К сказанному Скафтымовым правомерно добавить, что литературоведческие интерпретации (даже самые серьезные и глубокие) не в состоянии исчерпать содержания творений словесного искусства, ибо в них далеко не все обладает полнотой определенности и неизменно остается тайной, которая побуждает к интеллектуальным построениям –инициативным и творческим. Об этой грани интерпретирующей деятельности говорил М.М. Бахтин, опираясь на герменевтику и оперируя понятием «диалогичность» (см. с. 110–111). Он утверждал, что интерпретации художественных произведений способны привносить в их состав нечто новое, вершить «прибавление путем творческого созидания». При раскрытии и комментировании смысла образа «растворить его в понятиях невозможно»: могут быть «либо
Приведенные суждения Скафтымова и Бахтина (при всем их различии) взаимодополняющи. Они ставят серьезнейшую проблему причастности интерпретаций собственно научному знанию. На этот счет существуют суждения диаметрально противоположные. В одних случаях интерпретирующая деятельность расценивается как доминанта литературоведения, в других, напротив, частично или полностью (288) выводится за его рамки. Первая точка зрения четко обозначена Д.С. Лихачевым. По его словам, интерпретация – это стержень науки о литературе: ее гибкий, лишенный твердости центр, окруженный более точными научными дисциплинами, которые составляют для интерпретации как бы «жесткие ребра» (изучение биографии, история текста, стиховедение)[703].

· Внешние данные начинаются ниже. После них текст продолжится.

(* Consider the averaged boost converter $-L\dot I=(1-u)V-V_s$, $C\dot V=(1-u)I-GV$ with scalar constants $L>0$, $C>0$, $G\ge0$, $V_s\in\mathbb{R}$, extended by $\dot u=\upsilon$ (state $(I,V,\dot I,\dot V,u)$, input $\upsilon$). Then this system is passive with respect to the storage function $S=\tfrac12L\dot I^2+\tfrac12C\dot V^2$ and the port-variables $\dot u$ and $\dot IV-\dot VI$, i.e. $\dot S\le\dot u(\dot IV-\dot VI)$.
   Context: $I$ is the inductor current, $V$ the capacitor voltage, $u\in[0,1]$ the duty cycle (averaged model). *)

From Stdlib Require Import Reals.
From Coquelicot Require Import Coquelicot.
Open Scope R_scope.

Definition storage (L C : R) (dI dV : R -> R) (t : R) : R :=
  1/2 * L * (dI t)^2 + 1/2 * C * (dV t)^2.

From Stdlib Require Import Reals Lra.
From Coquelicot Require Import Coquelicot.
Open Scope R_scope.

(* The dynamics express [dI] and [dV] as differentiable functions of [I], [V]
   and [u], so [S] can be differentiated.  Along trajectories the cross terms
   [(1 - u) dI dV] cancel in [S' = L dI dI' + C dV dV'], leaving
   [S' = ups (dI V - dV I) - G dV^2], and the dissipated power [G dV^2] is
   nonnegative. *)

Lemma is_derive_storage (L C : R) (f g : R -> R) (t df dg : R) :
  is_derive f t df -> is_derive g t dg ->
  is_derive (storage L C f g) t (L * f t * df + C * g t * dg).
Proof.
  intros Hf Hg. unfold storage.
  auto_derive.
  - split; [exists df; exact Hf | split; [exists dg; exact Hg | exact I]].
  - replace (Derive (fun x => f x) t) with df by (symmetry; apply is_derive_unique; exact Hf).
    replace (Derive (fun x => g x) t) with dg by (symmetry; apply is_derive_unique; exact Hg).
    field.
Qed.

Section BoostConverter.

Variables (L C G Vs : R) (I V u dI dV ups : R -> R).
Hypotheses (HL : 0 < L) (HC : 0 < C).
Hypotheses (HI : forall t, is_derive I t (dI t))
  (HV : forall t, is_derive V t (dV t))
  (Hu : forall t, is_derive u t (ups t)).
Hypotheses (EI : forall t, - L * dI t = (1 - u t) * V t - Vs)
  (EV : forall t, C * dV t = (1 - u t) * I t - G * V t).

Lemma is_derive_current_rate (t : R) :
  is_derive dI t ((ups t * V t - (1 - u t) * dV t) / L).
Proof.
  assert (current_rate : forall s, (Vs - (1 - u s) * V s) / L = dI s).
  { intros s. replace (Vs - (1 - u s) * V s) with (L * dI s) by (pose proof (EI s); lra).
    field. lra. }
  apply (is_derive_ext _ _ _ _ current_rate).
  auto_derive.
  - split; [exists (ups t); apply Hu | split; [exists (dV t); apply HV | exact Logic.I]].
  - replace (Derive (fun x => u x) t) with (ups t) by (symmetry; apply is_derive_unique; apply Hu).
    replace (Derive (fun x => V x) t) with (dV t) by (symmetry; apply is_derive_unique; apply HV).
    field. lra.
Qed.

Lemma is_derive_voltage_rate (t : R) :
  is_derive dV t ((- ups t * I t + (1 - u t) * dI t - G * dV t) / C).
Proof.
  assert (voltage_rate : forall s, ((1 - u s) * I s - G * V s) / C = dV s).
  { intros s. rewrite <- EV. field. lra. }
  apply (is_derive_ext _ _ _ _ voltage_rate).
  auto_derive.
  - repeat split; [exists (ups t); apply Hu | exists (dI t); apply HI | exists (dV t); apply HV].
  - replace (Derive (fun x => u x) t) with (ups t) by (symmetry; apply is_derive_unique; apply Hu).
    replace (Derive (fun x => I x) t) with (dI t) by (symmetry; apply is_derive_unique; apply HI).
    replace (Derive (fun x => V x) t) with (dV t) by (symmetry; apply is_derive_unique; apply HV).
    field. lra.
Qed.

Lemma is_derive_storage_boost (t : R) :
  is_derive (storage L C dI dV) t
    (ups t * (dI t * V t - dV t * I t) - G * dV t ^ 2).
Proof.
  replace (ups t * (dI t * V t - dV t * I t) - G * dV t ^ 2) with
    (L * dI t * ((ups t * V t - (1 - u t) * dV t) / L)
     + C * dV t * ((- ups t * I t + (1 - u t) * dI t - G * dV t) / C))
    by (field; lra).
  apply is_derive_storage; [apply is_derive_current_rate | apply is_derive_voltage_rate].
Qed.

End BoostConverter.

Theorem lemma3 (L C G Vs : R) (HL : 0 < L) (HC : 0 < C) (HG : 0 <= G)
  (I V u dI dV ups : R -> R) :
  (forall t, is_derive I t (dI t)) ->
  (forall t, is_derive V t (dV t)) ->
  (forall t, is_derive u t (ups t)) ->
  (forall t, - L * dI t = (1 - u t) * V t - Vs) ->
  (forall t, C * dV t = (1 - u t) * I t - G * V t) ->
  forall t, ex_derive (storage L C dI dV) t /\
    Derive (storage L C dI dV) t <= ups t * (dI t * V t - dV t * I t).
Proof.
  intros HI HV Hu EI EV t.
  pose proof (is_derive_storage_boost L C G Vs I V u dI dV ups HL HC HI HV Hu EI EV t)
    as Hstorage.
  split.
  - eexists; exact Hstorage.
  - rewrite (is_derive_unique _ _ _ Hstorage).
    assert (0 <= G * dV t ^ 2) by (apply Rmult_le_pos; [lra | apply pow2_ge_0]).
    lra.
Qed.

Вместе с тем в среде литературоведов широко бытует скептическое отношение к интерпретациям, притязающим на научность. Оно восходит к романтической эстетике, акцентировавшей смысловую неопределенность художественных творений. Так, Шеллинг полагал, что произведение искусства «допускает бесконечное количество толкований, причем никогда нельзя сказать, вложена ли эта бесконечность самим художником или раскрывается в произведении как таковом»[704]. И впоследствии неоднократно говорилось, что искусство ревниво и властно прячет свою глубину от пытливого человеческого разума[705].

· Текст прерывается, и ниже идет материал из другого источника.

(* Fully commutative elements: any two reduced expressions (words of length
   len w with product w) are related by moves s s' <-> s' s, s, s' commuting. *)
Definition comm_move (n : nat) : rel (n.-tuple S) :=
  fun u u' =>
  [exists i : 'I_n, exists j : 'I_n,
     [&& (val j == (val i).+1),
         gen (tnth u i) * gen (tnth u j) == gen (tnth u j) * gen (tnth u i),
         tnth u' i == tnth u j, tnth u' j == tnth u i &
         [forall k : 'I_n, (k != i) && (k != j) ==> (tnth u' k == tnth u k)]]].

Definition fc (w : W) : bool :=
  [forall u : (len w).-tuple S, forall u' : (len w).-tuple S,
     (wprod u == w) ==> (wprod u' == w) ==> connect (@comm_move (len w)) u u'].

(* A finite list containing every x <= w: products of subwords of a chosen
   reduced expression of w (subword property); we then filter by bruhat_le. *)
Definition subword_products (w : W) : seq W :=
  match [pick u : (len w).-tuple S | wprod u == w] with
  | Some u => undup [seq wprod (mask (val b) u) | b <- enum {: (len w).-tuple bool}]
  | None => [::]
  end.

Definition lower (w : W) : seq W :=
  [seq x <- subword_products w | pb (bruhat_le x w)].
Definition lowerc (w : W) : seq W := [seq x <- lower w | fc x].

(* elements of the dihedral subgroup <s,t>, given a period n > 0 of s t *)
Definition dihedral (s t : S) (n : nat) : seq W :=
  undup (flatten [seq [:: gpow (cmul X) e (gen s * gen t) k;
                          gpow (cmul X) e (gen s * gen t) k * gen s] | k <- iota 0 n]).

End Coxeter.
Arguments coxeter_system {S} X m.
Arguments wprod {S} X u.
Arguments has_word_of_size {S} X w n.
Arguments len {S} X w.
Arguments reflection {S} X t.
Arguments bruhat_step {S} X x y.
Arguments bruhat_le {S} X x w.
Arguments comm_move {S} X n _ _.
Arguments fc {S} X w.
Arguments subword_products {S} X w.
Arguments lower {S} X w.
Arguments lowerc {S} X w.
Arguments dihedral {S} X s t n.

(* The ring A = Z[q^{1/2}, q^{-1/2}], given by v = q^{1/2} and vinv = q^{-1/2}:
   A is (isomorphic to) the Laurent polynomial ring over Z in v.          *)
Definition zpoly_eval {A : comNzRingType} (p : {poly int}) (x : A) : A :=
  (map_poly (fun z : int => z%:~R) p).[x].

Definition laurent_ring (A : comNzRingType) (v vinv : A) : Prop :=
  [/\ v * vinv = 1,
      (forall a : A, exists (p : {poly int}) (n : nat), a = zpoly_eval p v * vinv ^+ n)
    & (forall p : {poly int}, zpoly_eval p v = 0 -> p = 0)].

Section Hecke.
Variables (S : finType) (X : coxdata S).
Variables (A : comNzRingType) (v vinv : A).
Local Notation W := (cW X).
Local Notation "x *W y" := (cmul X x y) (at level 40, left associativity).
Local Notation gen := (cgen X).
Local Notation q := (v * v)%R.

Научная поэтика и интерпретация противопоставлялись друг другу представителями формальной школы и структурализма. «В отличие от интерпретации отдельных произведений, – писал Цв. Тодоров о научной поэтике, –она стремится не к выяснению их смысла, а к познанию тех закономерностей, которые обусловливают их появление»[706]. Подобного рода суждения связаны с опытом построения литературоведения по образцу так называемых «точных» наук. Они сродни девизу ибсеновского Бранда «все или ничего»: если литературоведческая интерпретация не в состоянии дать исчерпывающего знания о произведении, то наука в ней не нуждается.

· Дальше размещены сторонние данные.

Lemma falling_Z_bounds n j : (j <= n)%nat ->
  (0 <= falling_Z n j <= Z.of_nat n ^ Z.of_nat j)%Z.
Proof.
  induction j as [|j IH]; intros Hj; simpl falling_Z; [simpl; lia|].
  rewrite Nat2Z.inj_succ, Z.pow_succ_r by lia.
  specialize (IH ltac:(lia)). nia.
Qed.

Lemma expterm_zcoef_ge a j k n : (1 <= k \/ j < n)%nat ->
  (- expterm_zbound (a, j, k) n <= expterm_zcoef (a, j, k) n)%Z.
Proof.
  intros Hkj. simpl.
  pose proof (Z.pow_nonneg (Z.of_nat k) (Z.of_nat n) ltac:(lia)).
  pose proof (Z.pow_nonneg (Z.of_nat n) (Z.of_nat j) ltac:(lia)).
  destruct (j <=? n)%nat eqn:Hjn; [|nia].
  apply Nat.leb_le in Hjn.
  pose proof (falling_Z_bounds n j Hjn).
  assert (Hp : (0 <= Z.of_nat k ^ Z.of_nat (n - j) <= Z.of_nat k ^ Z.of_nat n)%Z).
  { split; [apply Z.pow_nonneg; lia|].
    destruct k as [|k]; [|apply Z.pow_le_mono_r; lia].
    change (Z.of_nat 0) with 0%Z. rewrite !Z.pow_0_l by lia. lia. }
  assert (Hprod : (0 <= Z.of_nat k ^ Z.of_nat (n - j) * falling_Z n j <=
                   Z.of_nat k ^ Z.of_nat n * Z.of_nat n ^ Z.of_nat j)%Z) by nia.
  rewrite <- !Z.mul_assoc.
  destruct (Z.abs_spec a) as [[Ha ->]|[Ha ->]]; nia.
Qed.

Lemma expoly_zcoef_ge E n :
  Forall (fun t => let '(_, j, k) := t in (1 <= k \/ j < n)%nat) E ->
  (- expoly_zbound E n <= expoly_zcoef E n)%Z.
Proof.
  induction 1 as [|[[a j] k] E Ht _ IH]; simpl; [lia|].
  pose proof (expterm_zcoef_ge a j k n Ht). simpl in *. lia.
Qed.

Lemma expterm_zbound_succ a j k K N0 n : (1 <= N0 <= n)%nat ->
  (Z.of_nat k * Z.of_nat (S N0) ^ Z.of_nat j <= Z.of_nat K * Z.of_nat N0 ^ Z.of_nat j)%Z ->
  (expterm_zbound (a, j, k) (S n) <= Z.of_nat K * expterm_zbound (a, j, k) n)%Z.
Proof.
  intros Hn Hstep. cbv [expterm_zbound].
  set (pN := (Z.of_nat N0 ^ Z.of_nat j)%Z).
  assert (HpN : (0 < pN)%Z) by (apply Z.pow_pos_nonneg; lia).
  assert (Hratio : (Z.of_nat (S n) ^ Z.of_nat j * pN <=
                    Z.of_nat (S N0) ^ Z.of_nat j * Z.of_nat n ^ Z.of_nat j)%Z).
  { unfold pN. rewrite <- !Z.pow_mul_l. apply Z.pow_le_mono_l. lia. }
  assert (Hkn : (Z.of_nat k * Z.of_nat (S n) ^ Z.of_nat j <= Z.of_nat K * Z.of_nat n ^ Z.of_nat j)%Z).
  { apply (Z.mul_le_mono_pos_r _ _ pN HpN).
    pose proof (Z.pow_nonneg (Z.of_nat n) (Z.of_nat j) ltac:(lia)). nia. }
  rewrite Nat2Z.inj_succ at 1. rewrite Z.pow_succ_r by lia.
  pose proof (Z.pow_nonneg (Z.of_nat k) (Z.of_nat n) ltac:(lia)).
  pose proof (Z.abs_nonneg a).
  assert (Hmul := Z.mul_le_mono_nonneg_l _ _ (Z.abs a * Z.of_nat k ^ Z.of_nat n) ltac:(nia) Hkn).
  lia.
Qed.

Definition expterm_step_ok (K N0 : nat) (t : expterm) : Prop :=
  let '(_, j, k) := t in
  (1 <= k \/ j < N0)%nat /\
  (Z.of_nat k * Z.of_nat (S N0) ^ Z.of_nat j <= Z.of_nat K * Z.of_nat N0 ^ Z.of_nat j)%Z.

Lemma expoly_zbound_le E a0 K N0 : (1 <= N0)%nat ->
  Forall (expterm_step_ok K N0) E ->
  (expoly_zbound E N0 <= a0 * Z.of_nat K ^ Z.of_nat N0)%Z ->
  forall n, (N0 <= n)%nat -> (expoly_zbound E n <= a0 * Z.of_nat K ^ Z.of_nat n)%Z.
Proof.
  intros HN0 HE Hbase n Hn.
  assert (Hsucc : forall m, (N0 <= m)%nat ->
            (expoly_zbound E (S m) <= Z.of_nat K * expoly_zbound E m)%Z).
  { intros m Hm. clear Hbase Hn.
    induction HE as [|[[a j] k] E [_ Hstep] _ IH]; simpl; [lia|].
    pose proof (expterm_zbound_succ a j k K N0 m ltac:(lia) Hstep). simpl in *. lia. }
  induction Hn as [|n Hn IH]; [exact Hbase|].
  rewrite Nat2Z.inj_succ, Z.pow_succ_r by lia.
  specialize (Hsucc n Hn).
  assert (Hmul := Z.mul_le_mono_nonneg_l _ _ (Z.of_nat K) ltac:(lia) IH).
  lia.
Qed.

Lemma expoly_zcoef_tail_nonneg a0 K N0 E : (0 < a0)%Z -> (1 <= N0)%nat ->
  Forall (expterm_step_ok K N0) E ->
  (expoly_zbound E N0 <= a0 * Z.of_nat K ^ Z.of_nat N0)%Z ->
  forall n, (N0 <= n)%nat -> (0 <= expoly_zcoef ((a0, 0%nat, K) :: E) n)%Z.
Proof.
  intros Ha0 HN0 HE Hbase n Hn.
  pose proof (expoly_zbound_le E a0 K N0 HN0 HE Hbase n Hn).
  assert (Hterms : Forall (fun t => let '(_, j, k) := t in (1 <= k \/ j < n)%nat) E).
  { eapply Forall_impl; [|exact HE]. intros [[a j] k] [Hkj _]. lia. }
  pose proof (expoly_zcoef_ge E n Hterms).
  simpl expoly_zcoef. simpl expterm_zcoef. rewrite Nat.sub_0_r. lia.
Qed.

Definition expterm_step_okb (K N0 : nat) (t : expterm) : bool :=
  let '(_, j, k) := t in
  ((1 <=? k) || (j <? N0))%nat &&
  (Z.of_nat k * Z.of_nat (S N0) ^ Z.of_nat j <=? Z.of_nat K * Z.of_nat N0 ^ Z.of_nat j)%Z.

Lemma expterm_step_okbP K N0 t : expterm_step_okb K N0 t = true -> expterm_step_ok K N0 t.
Proof.
  destruct t as [[a j] k]. unfold expterm_step_okb, expterm_step_ok.
  rewrite andb_true_iff, orb_true_iff, Nat.leb_le, Nat.ltb_lt, Z.leb_le. tauto.
Qed.

(* A finite check certifying that [expoly_parity_part ev E x] is positive for [x > 0], for [E]
   led by a term [a0 e^(K x)] with [a0 > 0]: below [N0] the relevant Taylor coefficients are
   inspected directly, and from [N0] on the leading term dominates all the others. *)
Definition expoly_cert (E : list expterm) (N0 : nat) (ev : bool) : bool :=
  let parity n := Bool.eqb (Nat.even n) ev in
  match E with
  | (a0, O, K) :: E' =>
      (0 <? a0)%Z && (1 <=? N0)%nat && forallb (expterm_step_okb K N0) E' &&
      (expoly_zbound E' N0 <=? a0 * Z.of_nat K ^ Z.of_nat N0)%Z &&
      forallb (fun n => negb (parity n) || (0 <=? expoly_zcoef E n)%Z) (seq 0 N0) &&
      existsb (fun n => parity n && (0 <? expoly_zcoef E n)%Z) (seq 0 N0)
  | _ => false
  end.

Lemma expoly_cert_pos E N0 ev x : expoly_cert E N0 ev = true -> 0 < x ->
  0 < expoly_parity_part ev E x.
Proof.
  unfold expoly_cert. destruct E as [|[[a0 [|j]] K] E]; try discriminate.
  rewrite !andb_true_iff, Z.ltb_lt, Nat.leb_le, Z.leb_le,
    forallb_forall, forallb_forall, existsb_exists.
  intros [[[[[Ha0 HN0] Hstep] Hbase] Hlow] [N [HN HNpos]]] Hx.
  apply andb_true_iff in HNpos as [HNev HNpos].
  apply Bool.eqb_prop in HNev. apply Z.ltb_lt in HNpos.
  apply (expoly_parity_part_pos ev _ x N Hx); auto.
  intros n Hn.
  destruct (Nat.lt_ge_cases n N0) as [Hlt|Hge].
  - specialize (Hlow n (proj2 (in_seq N0 0 n) ltac:(lia))).
    rewrite Hn, Bool.eqb_reflx in Hlow. now apply Z.leb_le.
  - apply (expoly_zcoef_tail_nonneg a0 K N0 E); auto.
    apply Forall_forall. intros t Ht. now apply expterm_step_okbP, Hstep.
Qed.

Более мягко, чем Тодоров, но тоже с достаточной определенностью отделял науку о литературе от интерпретирующей деятельности Ю.М. Лотман, считая последнюю для современных ученых преждевременной. «В настоящем пособии, – писал он, – поэтический текст будет рассматриваться не во всем богатстве вызываемых им личных и общественных переживаний, то есть не во всей полноте своего культурного значения, а лишь с той, значительно более ограниченной точки зрения, которая доступна современной науке <...> Литературоведение учится спрашивать – прежде оно спешило отвечать. Сейчас на первый план выдвигается не то, что составляет сокровищницу индивидуального опыта того или иного исследователя, что неотделимо от его (289) личного опыта, вкусов, темперамента, а значительно более прозаическая, но зато и более строгая, типовая методика анализа[707]. Анализ здесь, можно сказать, теснит интерпретацию, отодвигая ее в неопределенно далекое будущее.